Within my snakemake pipeline I'm trying to retrieve the correct wildcards. I've looked into wildcard_constraints and this post and this post, however I can't figure out the exact solution.
Here's an example of file names within 2 datasets. 1 dataset contains paired mouse RNAseq read files and another dataset contains human paired RNAseq read files.
"Mus_musculus" dataset is "PRJNA362883_GSE93946_SRP097621" with file names:
"SRR5195524_GSM2465521_KrasT_45649_NoDox_Mus_musculus_RNA-Seq_1.fastq.gz" "SRR5195524_GSM2465521_KrasT_45649_NoDox_Mus_musculus_RNA-Seq_2.fastq.gz"
"Homo_sapiens" dataset is "PRJNA362883_GSE93946_SRP097621" with file names:
"SRR7942395_GSM3406786_sAML_Control_1_Homo_sapiens_RNA-Seq_1.fastq.gz" "SRR7942395_GSM3406786_sAML_Control_1_Homo_sapiens_RNA-Seq_2.fastq.gz"
I would like glob_wildcards to spit out the following wildcards
> ['PRJNA362883_GSE93946_SRP097621', 'PRJNA362883_GSE93946_SRP097621',
> 'PRJNA493818_GSE120639_SRP162872', 'PRJNA493818_GSE120639_SRP162872']
> ['SRR5195524_GSM2465521_KrasT_45649_NoDox',
> 'SRR5195524_GSM2465521_KrasT_45649_NoDox',
> 'SRR7942395_GSM3406786_sAML_Control_1',
> 'SRR7942395_GSM3406786_sAML_Control_1'] ['Mus_musculus', 'Mus_musculus',
> 'Homo_sapiens', 'Homo_sapiens'] ['1', '2', '1', '2']
I've tried the following code:
> import glob import os
>
> DATASET,SAMPLE,SPECIES,FRR,
> =glob_wildcards(config["project_path"]+"resources/raw_datasets/{dataset}/{sample}_{species}_RNA-Seq_{frr}.fastq.gz")
> print(DATASET,SAMPLE,SPECIES,FRR)
However, I get this as output. The many underscores messes up the glob_wildcards
> ['PRJNA362883_GSE93946_SRP097621', 'PRJNA362883_GSE93946_SRP097621',
> 'PRJNA493818_GSE120639_SRP162872', 'PRJNA493818_GSE120639_SRP162872']

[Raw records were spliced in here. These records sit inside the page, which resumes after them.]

Lemma approx_extreme_round z delta Ez (p : {ffun A -> R}) (g : A -> R) :
  0 <= delta -> approx_extreme ordAf af0 alpha z delta Ez -> mixed p ->
  exists x' xs, [/\ Ez x', forall i, br i z x' = br i z p,
                    dot p g <= dot xs g & l1dist xs x' <= delta].
Proof.
move=> delta0 [_ Eext] mixed_p.
pose sigma i := br i z p.
pose X := br_region ordAf af0 alpha z sigma.
have Xp : X p by [].
have [xs ext_xs gp] := exists_extreme_point_ge g
  (fun x a (Xx : X x) => mixed_norm_le1 a Xx.1) Xp.
have [Exs Enear] := Eext sigma (ex_intro _ p Xp) xs ext_xs.
have [Xxs|notXxs] := pselect (X xs).
  by exists xs, xs; split; [exact: Exs | exact: Xxs.2 | | rewrite l1distxx].
have [x' [Ex' [Xx' x'xs]]] := Enear notXxs.
by exists x', xs; split; [| exact: Xx'.2 | | rewrite l1distC].
Qed.

End Context.

Variables (Zt : eqType) (alpha : 'I_K -> Zt -> A -> Af -> R).
Local Notation br i z x := (best_resp ordAf af0 (alpha i) z x).

Lemma exists_rounded_policy (T : nat) (Z : Zt -> Prop) delta
    (E : Zt -> {ffun A -> R} -> Prop) (zs : 'I_T -> Zt) (pi : Zt -> {ffun A -> R})
    (c : 'I_T -> A -> R) :
  0 <= delta -> (forall z, Z z -> approx_extreme ordAf af0 alpha z delta (E z)) ->
  (forall t, Z (zs t)) -> (forall z, Z z -> mixed (pi z)) ->
  (forall t a, `|c t a| <= 1) ->
  exists piE : Zt -> {ffun A -> R},
    [/\ forall z, Z z -> E z (piE z),
        forall z i, Z z -> br i z (piE z) = br i z (pi z) &
        \sum_t (dot (pi (zs t)) (c t) - dot (piE (zs t)) (c t)) <= T%:R * delta].
Proof.
move=> delta0 Eapprox Zzs mixed_pi c1.
pose C z a := \sum_(t | zs t == z) c t a.
have /choice[F Fz] : forall z, exists q : {ffun A -> R} * {ffun A -> R}, Z z ->
    [/\ E z q.1, forall i, br i z q.1 = br i z (pi z),
        dot (pi z) (C z) <= dot q.2 (C z) & l1dist q.2 q.1 <= delta].
  move=> z; have [Zz|] := pselect (Z z); last by exists (pi z, pi z).
  have [x' [xs Hz]] := approx_extreme_round (C z) delta0 (Eapprox z Zz) (mixed_pi z Zz).
  by exists (x', xs).
exists (fun z => (F z).1); split=> [z /Fz[] // | z i /Fz[] // |].
pose xs z := (F z).2.
rewrite (eq_bigr (fun t => (dot (pi (zs t)) (c t) - dot (xs (zs t)) (c t))
                         + (dot (xs (zs t)) (c t) - dot (F (zs t)).1 (c t)))); last first.
  by move=> t _; rewrite addrA subrK.
rewrite big_split -[T%:R * delta]add0r /=; apply: lerD.
  apply: (sumr_le0_fibers (zs := zs)) => s; rewrite sumrB subr_le0.
  have fiberE (x : Zt -> {ffun A -> R}) :
      \sum_(t | zs t == zs s) dot (x (zs t)) (c t) = dot (x (zs s)) (C (zs s)).
    by rewrite dot_sumr; apply: eq_bigr => t /eqP ->.
  by rewrite !fiberE; have [] := Fz _ (Zzs s).
rewrite mulr_natl -[in X in _ <= X](card_ord T) -sumr_const; apply: ler_sum => t _.
by apply: le_trans (dotB_le_l1dist _ _ (c1 t)) _; have [] := Fz _ (Zzs t).
Qed.

End Rounding.

Theorem mainTheorem2 (R : realType) (A Af : finType) (ordAf : seq Af) (af0 : Af)
    (d K T : nat) (Z : 'rV[R]_d -> Prop)
    (u : 'rV[R]_d -> A -> Af -> R) (alpha : 'I_K -> 'rV[R]_d -> A -> Af -> R)
    (delta : R) (E : 'rV[R]_d -> {ffun A -> R} -> Prop) :
  perm_eq ordAf (enum Af) ->
  (forall z a af, Z z -> 0 <= u z a af <= 1) ->
  (forall i z a af, Z z -> 0 <= alpha i z a af <= 1) ->
  0 < delta -> delta <= (T%:R)^-1 ->
  (forall z, Z z -> approx_extreme ordAf af0 alpha z delta (E z)) ->
  (forall (zs : 'I_T -> 'rV[R]_d) (f : 'I_T -> 'I_K) (pi : 'rV[R]_d -> {ffun A -> R}),
     (forall t, Z (zs t)) -> (forall z, Z z -> mixed (pi z)) ->
     exists piE : 'rV[R]_d -> {ffun A -> R},
       (forall z, Z z -> E z (piE z)) /\
       \sum_(t < T)
          (mutil u (zs t) (pi (zs t))
                 (best_resp ordAf af0 (alpha (f t)) (zs t) (pi (zs t)))
           - mutil u (zs t) (piE (zs t))
                 (best_resp ordAf af0 (alpha (f t)) (zs t) (piE (zs t)))) <= 1)
  /\
  (forall (zs : 'I_T -> 'rV[R]_d) (p : 'I_K -> R) (pi : 'rV[R]_d -> {ffun A -> R}),
     (forall t, Z (zs t)) -> (forall i, 0 <= p i) -> \sum_(i < K) p i = 1 ->
     (forall z, Z z -> mixed (pi z)) ->
     exists piE : 'rV[R]_d -> {ffun A -> R},
       (forall z, Z z -> E z (piE z)) /\
       \sum_(t < T) \sum_(i < K)
          p i * (mutil u (zs t) (pi (zs t))
                   (best_resp ordAf af0 (alpha i) (zs t) (pi (zs t)))
                 - mutil u (zs t) (piE (zs t))
                   (best_resp ordAf af0 (alpha i) (zs t) (piE (zs t)))) <= 1).
Proof.
move=> _ u01 _ delta0 deltaT Eapprox.
have Tdelta : T%:R * delta <= 1 := natr_mul_le1 deltaT.
have u_bounds z a af : Z z -> 0 <= u z a af /\ u z a af <= 1 by move/(u01 z a af)/andP.
split=> [zs f pi Zzs mixed_pi | zs p pi Zzs p0 p1 mixed_pi].
  pose b t := best_resp ordAf af0 (alpha (f t)) (zs t) (pi (zs t)).
  pose c t a := u (zs t) a (b t).
  have c1 t a : `|c t a| <= 1.
    by have [u0 u1] := u_bounds _ a (b t) (Zzs t); rewrite ger0_norm.
  have [piE [EpiE brE loss]] :=
    exists_rounded_policy (ltW delta0) Eapprox Zzs mixed_pi c1.
  exists piE; split=> //; under eq_bigr => t _ do rewrite brE //.
  exact: le_trans loss Tdelta.
pose c t a := \sum_i p i * u (zs t) a (best_resp ordAf af0 (alpha i) (zs t) (pi (zs t))).
have c1 t a : `|c t a| <= 1.
  rewrite ger0_norm ?sumr_ge0 -?p1 ?ler_sum // => i _.
    by rewrite ler_piMr // (u_bounds _ _ _ (Zzs t)).2.
  by rewrite mulr_ge0 // (u_bounds _ _ _ (Zzs t)).1.
have [piE [EpiE brE loss]] := exists_rounded_policy (ltW delta0) Eapprox Zzs mixed_pi c1.
exists piE; split=> //.
rewrite (eq_bigr (fun t => dot (pi (zs t)) (c t) - dot (piE (zs t)) (c t))).
  exact: le_trans loss Tdelta.
move=> t _; rewrite /c !dot_sumr -sumrB.
by apply: eq_bigr => i _; rewrite !dotZr -mulrBr brE.
Qed.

> ['SRR5195524_GSM2465521_KrasT_45649_NoDox_Mus',
> 'SRR5195524_GSM2465521_KrasT_45649_NoDox_Mus',
> 'SRR7942395_GSM3406786_sAML_Control_1_Homo',
> 'SRR7942395_GSM3406786_sAML_Control_1_Homo'] ['musculus', 'musculus',
> 'sapiens', 'sapiens'] ['1', '2', '1', '2']
I for example tried this, but the output stays the same: wildcard_constraints: species = '!(sapiens)'
Could anyone suggest the correct code to get the wanted wildcards? Thanks in advance!